* [Items listed in a dataset]
##############################
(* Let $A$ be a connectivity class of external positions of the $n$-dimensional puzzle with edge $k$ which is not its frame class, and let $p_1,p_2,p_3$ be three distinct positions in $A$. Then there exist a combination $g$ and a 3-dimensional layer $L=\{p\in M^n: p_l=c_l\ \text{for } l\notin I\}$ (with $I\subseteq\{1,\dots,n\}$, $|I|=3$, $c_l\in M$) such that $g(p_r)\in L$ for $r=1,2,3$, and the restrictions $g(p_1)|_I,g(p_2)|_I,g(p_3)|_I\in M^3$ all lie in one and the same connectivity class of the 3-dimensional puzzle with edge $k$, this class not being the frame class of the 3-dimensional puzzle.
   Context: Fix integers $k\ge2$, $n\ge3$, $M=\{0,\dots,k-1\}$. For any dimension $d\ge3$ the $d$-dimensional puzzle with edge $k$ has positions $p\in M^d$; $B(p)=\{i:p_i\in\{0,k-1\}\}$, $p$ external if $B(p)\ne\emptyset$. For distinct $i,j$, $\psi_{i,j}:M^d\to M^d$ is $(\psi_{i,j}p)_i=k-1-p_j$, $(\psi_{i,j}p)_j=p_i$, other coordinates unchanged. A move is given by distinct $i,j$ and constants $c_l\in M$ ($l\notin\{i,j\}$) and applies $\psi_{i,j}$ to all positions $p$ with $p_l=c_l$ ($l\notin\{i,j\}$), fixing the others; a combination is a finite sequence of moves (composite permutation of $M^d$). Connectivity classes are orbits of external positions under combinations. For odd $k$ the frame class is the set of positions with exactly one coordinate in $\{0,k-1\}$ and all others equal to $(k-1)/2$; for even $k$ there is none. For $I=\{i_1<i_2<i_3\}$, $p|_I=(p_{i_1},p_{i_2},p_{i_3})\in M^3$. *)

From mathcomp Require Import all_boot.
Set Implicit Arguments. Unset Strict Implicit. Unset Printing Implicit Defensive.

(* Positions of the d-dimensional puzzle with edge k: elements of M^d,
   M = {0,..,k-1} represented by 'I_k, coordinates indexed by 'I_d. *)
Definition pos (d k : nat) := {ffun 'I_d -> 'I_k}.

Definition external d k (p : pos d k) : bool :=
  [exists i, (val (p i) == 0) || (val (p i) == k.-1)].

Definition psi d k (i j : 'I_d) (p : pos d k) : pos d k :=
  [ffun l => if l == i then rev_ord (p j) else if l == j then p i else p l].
##############################
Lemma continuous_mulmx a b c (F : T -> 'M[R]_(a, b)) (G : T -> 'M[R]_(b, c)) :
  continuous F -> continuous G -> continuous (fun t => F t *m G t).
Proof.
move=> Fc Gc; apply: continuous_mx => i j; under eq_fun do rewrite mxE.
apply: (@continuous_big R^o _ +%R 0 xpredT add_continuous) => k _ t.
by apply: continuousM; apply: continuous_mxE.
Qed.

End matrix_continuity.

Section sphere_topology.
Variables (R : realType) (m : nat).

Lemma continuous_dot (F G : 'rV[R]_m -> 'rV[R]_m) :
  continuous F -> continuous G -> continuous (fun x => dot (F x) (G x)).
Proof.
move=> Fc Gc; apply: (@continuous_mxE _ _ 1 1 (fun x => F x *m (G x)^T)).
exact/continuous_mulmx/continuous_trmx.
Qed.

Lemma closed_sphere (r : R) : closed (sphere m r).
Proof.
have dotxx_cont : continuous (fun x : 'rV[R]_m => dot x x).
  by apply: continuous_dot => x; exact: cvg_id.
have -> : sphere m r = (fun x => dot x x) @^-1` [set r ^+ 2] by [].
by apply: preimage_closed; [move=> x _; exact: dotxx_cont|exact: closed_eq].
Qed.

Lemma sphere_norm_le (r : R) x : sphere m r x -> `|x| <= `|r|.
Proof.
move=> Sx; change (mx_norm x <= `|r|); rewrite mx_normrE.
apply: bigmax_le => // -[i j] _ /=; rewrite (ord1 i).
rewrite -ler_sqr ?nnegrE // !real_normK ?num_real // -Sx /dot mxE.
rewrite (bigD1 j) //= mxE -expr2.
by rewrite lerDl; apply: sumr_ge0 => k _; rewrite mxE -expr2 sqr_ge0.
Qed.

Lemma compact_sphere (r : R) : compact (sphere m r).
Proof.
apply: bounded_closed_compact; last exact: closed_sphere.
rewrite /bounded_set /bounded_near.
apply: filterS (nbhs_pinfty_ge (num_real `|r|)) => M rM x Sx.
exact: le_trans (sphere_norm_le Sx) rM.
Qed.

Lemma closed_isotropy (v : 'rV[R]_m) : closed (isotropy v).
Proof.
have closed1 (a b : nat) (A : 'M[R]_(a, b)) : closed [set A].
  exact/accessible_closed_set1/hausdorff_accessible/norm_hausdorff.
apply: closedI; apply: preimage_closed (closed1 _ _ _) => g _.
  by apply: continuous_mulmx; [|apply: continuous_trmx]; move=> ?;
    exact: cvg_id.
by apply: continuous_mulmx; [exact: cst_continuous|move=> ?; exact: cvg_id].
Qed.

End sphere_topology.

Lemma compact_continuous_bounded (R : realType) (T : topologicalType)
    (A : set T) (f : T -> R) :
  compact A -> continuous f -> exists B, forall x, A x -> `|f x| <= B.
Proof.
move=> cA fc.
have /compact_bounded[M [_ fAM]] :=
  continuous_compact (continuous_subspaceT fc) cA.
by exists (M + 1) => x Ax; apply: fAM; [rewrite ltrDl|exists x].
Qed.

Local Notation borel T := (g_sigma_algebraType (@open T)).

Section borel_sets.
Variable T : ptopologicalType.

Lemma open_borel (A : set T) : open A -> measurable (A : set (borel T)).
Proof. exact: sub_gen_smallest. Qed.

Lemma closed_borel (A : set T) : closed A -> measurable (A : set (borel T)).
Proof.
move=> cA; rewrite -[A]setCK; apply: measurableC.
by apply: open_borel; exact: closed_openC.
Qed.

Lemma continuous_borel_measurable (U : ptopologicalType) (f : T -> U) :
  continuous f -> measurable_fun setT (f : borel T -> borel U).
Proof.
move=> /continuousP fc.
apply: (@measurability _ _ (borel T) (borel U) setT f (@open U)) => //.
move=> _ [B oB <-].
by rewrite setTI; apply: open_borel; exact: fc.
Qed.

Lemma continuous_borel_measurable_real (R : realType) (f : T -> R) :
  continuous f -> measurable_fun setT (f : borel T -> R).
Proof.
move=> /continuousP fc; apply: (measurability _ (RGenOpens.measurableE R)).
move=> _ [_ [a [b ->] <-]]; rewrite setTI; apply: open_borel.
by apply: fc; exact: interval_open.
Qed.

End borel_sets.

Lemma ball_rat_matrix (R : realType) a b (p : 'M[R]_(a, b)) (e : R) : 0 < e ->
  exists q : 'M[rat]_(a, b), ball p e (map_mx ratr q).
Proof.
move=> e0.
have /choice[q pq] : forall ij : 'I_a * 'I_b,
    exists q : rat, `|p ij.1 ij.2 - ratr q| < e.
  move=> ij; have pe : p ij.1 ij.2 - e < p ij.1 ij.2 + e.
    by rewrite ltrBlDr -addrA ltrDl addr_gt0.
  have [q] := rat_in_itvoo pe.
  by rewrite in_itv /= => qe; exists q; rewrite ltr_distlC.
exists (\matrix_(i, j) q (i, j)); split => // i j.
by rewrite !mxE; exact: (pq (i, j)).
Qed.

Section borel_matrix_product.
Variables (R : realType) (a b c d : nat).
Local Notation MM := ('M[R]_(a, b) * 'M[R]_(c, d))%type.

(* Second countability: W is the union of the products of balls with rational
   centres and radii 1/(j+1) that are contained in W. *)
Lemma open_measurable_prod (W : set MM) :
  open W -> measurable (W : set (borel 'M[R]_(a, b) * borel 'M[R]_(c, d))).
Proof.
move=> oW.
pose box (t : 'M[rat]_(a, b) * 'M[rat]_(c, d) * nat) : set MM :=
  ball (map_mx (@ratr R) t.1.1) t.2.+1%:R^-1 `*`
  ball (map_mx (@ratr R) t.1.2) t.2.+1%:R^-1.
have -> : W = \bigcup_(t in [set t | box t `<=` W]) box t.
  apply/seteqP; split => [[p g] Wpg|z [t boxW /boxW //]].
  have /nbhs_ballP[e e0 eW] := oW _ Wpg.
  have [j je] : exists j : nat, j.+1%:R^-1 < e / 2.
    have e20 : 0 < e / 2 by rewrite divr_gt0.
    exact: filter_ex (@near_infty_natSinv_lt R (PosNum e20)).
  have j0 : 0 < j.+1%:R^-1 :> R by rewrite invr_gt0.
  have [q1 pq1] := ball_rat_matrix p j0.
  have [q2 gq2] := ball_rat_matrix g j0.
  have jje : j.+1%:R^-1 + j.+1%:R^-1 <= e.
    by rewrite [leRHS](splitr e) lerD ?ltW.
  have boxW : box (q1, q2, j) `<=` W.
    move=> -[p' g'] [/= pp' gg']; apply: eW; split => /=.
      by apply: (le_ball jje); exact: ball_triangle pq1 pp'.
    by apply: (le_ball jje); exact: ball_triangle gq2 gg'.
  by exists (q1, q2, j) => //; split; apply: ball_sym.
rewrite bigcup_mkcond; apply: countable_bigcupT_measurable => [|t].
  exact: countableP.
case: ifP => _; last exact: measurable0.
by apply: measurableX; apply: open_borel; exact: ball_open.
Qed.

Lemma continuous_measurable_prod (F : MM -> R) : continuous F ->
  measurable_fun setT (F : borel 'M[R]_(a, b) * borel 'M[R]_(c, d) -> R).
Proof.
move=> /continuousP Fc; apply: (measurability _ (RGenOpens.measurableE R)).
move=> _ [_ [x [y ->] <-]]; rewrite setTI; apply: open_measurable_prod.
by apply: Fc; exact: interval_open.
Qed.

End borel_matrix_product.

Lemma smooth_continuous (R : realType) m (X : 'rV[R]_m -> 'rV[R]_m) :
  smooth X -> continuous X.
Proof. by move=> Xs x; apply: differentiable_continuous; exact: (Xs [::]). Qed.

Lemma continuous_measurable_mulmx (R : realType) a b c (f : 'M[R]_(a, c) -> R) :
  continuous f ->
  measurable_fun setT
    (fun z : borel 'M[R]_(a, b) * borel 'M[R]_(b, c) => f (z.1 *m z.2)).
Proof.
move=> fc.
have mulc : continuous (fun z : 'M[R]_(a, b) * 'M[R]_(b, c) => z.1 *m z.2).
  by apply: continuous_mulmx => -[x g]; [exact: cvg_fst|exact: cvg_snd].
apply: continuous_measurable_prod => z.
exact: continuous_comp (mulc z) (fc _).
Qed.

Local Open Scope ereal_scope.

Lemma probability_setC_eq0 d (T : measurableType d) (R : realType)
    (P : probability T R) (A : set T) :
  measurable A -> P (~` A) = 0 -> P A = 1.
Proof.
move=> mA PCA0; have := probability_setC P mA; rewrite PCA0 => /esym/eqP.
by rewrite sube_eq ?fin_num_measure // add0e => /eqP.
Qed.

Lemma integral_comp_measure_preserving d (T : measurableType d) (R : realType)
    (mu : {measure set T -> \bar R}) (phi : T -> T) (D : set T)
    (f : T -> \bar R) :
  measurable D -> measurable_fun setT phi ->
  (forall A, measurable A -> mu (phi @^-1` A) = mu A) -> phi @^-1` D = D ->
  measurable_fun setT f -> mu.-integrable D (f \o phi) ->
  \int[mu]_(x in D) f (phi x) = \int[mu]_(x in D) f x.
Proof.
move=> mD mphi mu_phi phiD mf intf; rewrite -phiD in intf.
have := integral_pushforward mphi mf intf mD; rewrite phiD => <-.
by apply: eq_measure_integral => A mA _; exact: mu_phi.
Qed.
##############################
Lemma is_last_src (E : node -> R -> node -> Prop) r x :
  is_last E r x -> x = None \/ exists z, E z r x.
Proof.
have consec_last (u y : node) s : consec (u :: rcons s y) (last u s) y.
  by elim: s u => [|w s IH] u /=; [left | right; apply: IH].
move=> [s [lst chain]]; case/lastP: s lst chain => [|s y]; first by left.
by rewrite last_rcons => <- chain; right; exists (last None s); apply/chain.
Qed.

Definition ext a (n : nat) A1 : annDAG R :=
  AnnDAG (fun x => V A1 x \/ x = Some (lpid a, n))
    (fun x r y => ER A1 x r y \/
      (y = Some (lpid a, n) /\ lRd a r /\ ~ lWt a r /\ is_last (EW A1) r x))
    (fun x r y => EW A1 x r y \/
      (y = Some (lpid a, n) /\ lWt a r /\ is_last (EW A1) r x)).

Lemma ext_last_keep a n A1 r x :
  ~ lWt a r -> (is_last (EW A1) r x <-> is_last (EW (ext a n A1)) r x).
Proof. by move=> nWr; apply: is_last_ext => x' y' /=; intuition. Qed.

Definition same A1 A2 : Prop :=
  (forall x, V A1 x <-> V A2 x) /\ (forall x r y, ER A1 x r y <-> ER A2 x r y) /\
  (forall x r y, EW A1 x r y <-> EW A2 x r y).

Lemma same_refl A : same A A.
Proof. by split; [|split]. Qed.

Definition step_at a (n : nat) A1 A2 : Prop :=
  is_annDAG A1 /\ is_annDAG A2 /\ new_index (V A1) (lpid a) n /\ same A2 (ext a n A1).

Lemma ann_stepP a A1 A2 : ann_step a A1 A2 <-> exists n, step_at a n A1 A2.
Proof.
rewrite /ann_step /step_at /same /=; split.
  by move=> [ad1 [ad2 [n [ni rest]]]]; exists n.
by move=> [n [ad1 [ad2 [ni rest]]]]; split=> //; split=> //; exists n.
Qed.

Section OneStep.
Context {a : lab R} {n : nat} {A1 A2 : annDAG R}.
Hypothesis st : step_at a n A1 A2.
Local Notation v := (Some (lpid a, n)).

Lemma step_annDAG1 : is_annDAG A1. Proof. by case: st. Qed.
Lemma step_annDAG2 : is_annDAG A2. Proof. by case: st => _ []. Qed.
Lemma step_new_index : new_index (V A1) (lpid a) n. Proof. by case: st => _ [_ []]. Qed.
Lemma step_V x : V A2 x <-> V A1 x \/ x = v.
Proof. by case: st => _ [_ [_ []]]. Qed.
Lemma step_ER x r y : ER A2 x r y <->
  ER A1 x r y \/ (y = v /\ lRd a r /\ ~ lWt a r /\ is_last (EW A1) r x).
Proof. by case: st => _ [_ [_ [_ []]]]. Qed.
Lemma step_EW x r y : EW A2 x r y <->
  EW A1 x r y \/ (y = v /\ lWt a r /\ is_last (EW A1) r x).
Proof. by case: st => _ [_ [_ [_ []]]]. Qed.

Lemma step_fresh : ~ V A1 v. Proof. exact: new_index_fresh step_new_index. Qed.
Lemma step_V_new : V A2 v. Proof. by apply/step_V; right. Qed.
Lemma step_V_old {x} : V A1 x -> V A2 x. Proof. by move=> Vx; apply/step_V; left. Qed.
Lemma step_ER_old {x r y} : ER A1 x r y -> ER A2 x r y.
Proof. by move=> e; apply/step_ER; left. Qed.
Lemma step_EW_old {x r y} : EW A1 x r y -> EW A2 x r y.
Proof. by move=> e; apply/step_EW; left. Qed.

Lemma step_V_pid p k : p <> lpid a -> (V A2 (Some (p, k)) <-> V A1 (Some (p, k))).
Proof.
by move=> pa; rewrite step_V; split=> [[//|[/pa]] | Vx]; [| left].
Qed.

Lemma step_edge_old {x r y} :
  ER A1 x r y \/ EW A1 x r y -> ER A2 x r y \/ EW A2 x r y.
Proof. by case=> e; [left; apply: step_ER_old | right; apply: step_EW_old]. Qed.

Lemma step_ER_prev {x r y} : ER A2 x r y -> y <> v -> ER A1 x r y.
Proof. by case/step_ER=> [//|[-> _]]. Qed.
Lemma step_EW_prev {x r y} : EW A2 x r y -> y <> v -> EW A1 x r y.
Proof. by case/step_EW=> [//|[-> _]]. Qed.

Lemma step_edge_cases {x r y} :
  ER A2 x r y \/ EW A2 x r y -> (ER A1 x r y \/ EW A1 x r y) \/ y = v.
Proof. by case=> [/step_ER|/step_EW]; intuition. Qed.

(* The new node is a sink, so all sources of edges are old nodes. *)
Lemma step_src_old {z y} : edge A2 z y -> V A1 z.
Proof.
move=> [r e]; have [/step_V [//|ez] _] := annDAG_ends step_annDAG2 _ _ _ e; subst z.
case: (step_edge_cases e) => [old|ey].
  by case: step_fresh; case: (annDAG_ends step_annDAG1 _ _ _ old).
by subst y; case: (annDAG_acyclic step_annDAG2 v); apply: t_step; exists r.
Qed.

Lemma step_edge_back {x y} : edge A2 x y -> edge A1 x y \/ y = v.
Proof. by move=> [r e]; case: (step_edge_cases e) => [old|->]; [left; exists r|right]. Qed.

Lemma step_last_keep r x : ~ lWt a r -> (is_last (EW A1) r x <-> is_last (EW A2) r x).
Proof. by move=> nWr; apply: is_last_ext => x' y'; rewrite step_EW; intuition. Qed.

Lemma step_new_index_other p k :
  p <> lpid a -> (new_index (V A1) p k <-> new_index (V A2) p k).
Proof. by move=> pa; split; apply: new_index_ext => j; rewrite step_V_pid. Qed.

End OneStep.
##############################
* [WORK TO COMPLETE]
Only the lines above that include the word "setTI" belong in the answer; copy each one.

* [YOUR SOLUTION]
by rewrite setTI; apply: open_borel; exact: fc.
move=> _ [_ [a [b ->] <-]]; rewrite setTI; apply: open_borel.
move=> _ [_ [x [y ->] <-]]; rewrite setTI; apply: open_measurable_prod.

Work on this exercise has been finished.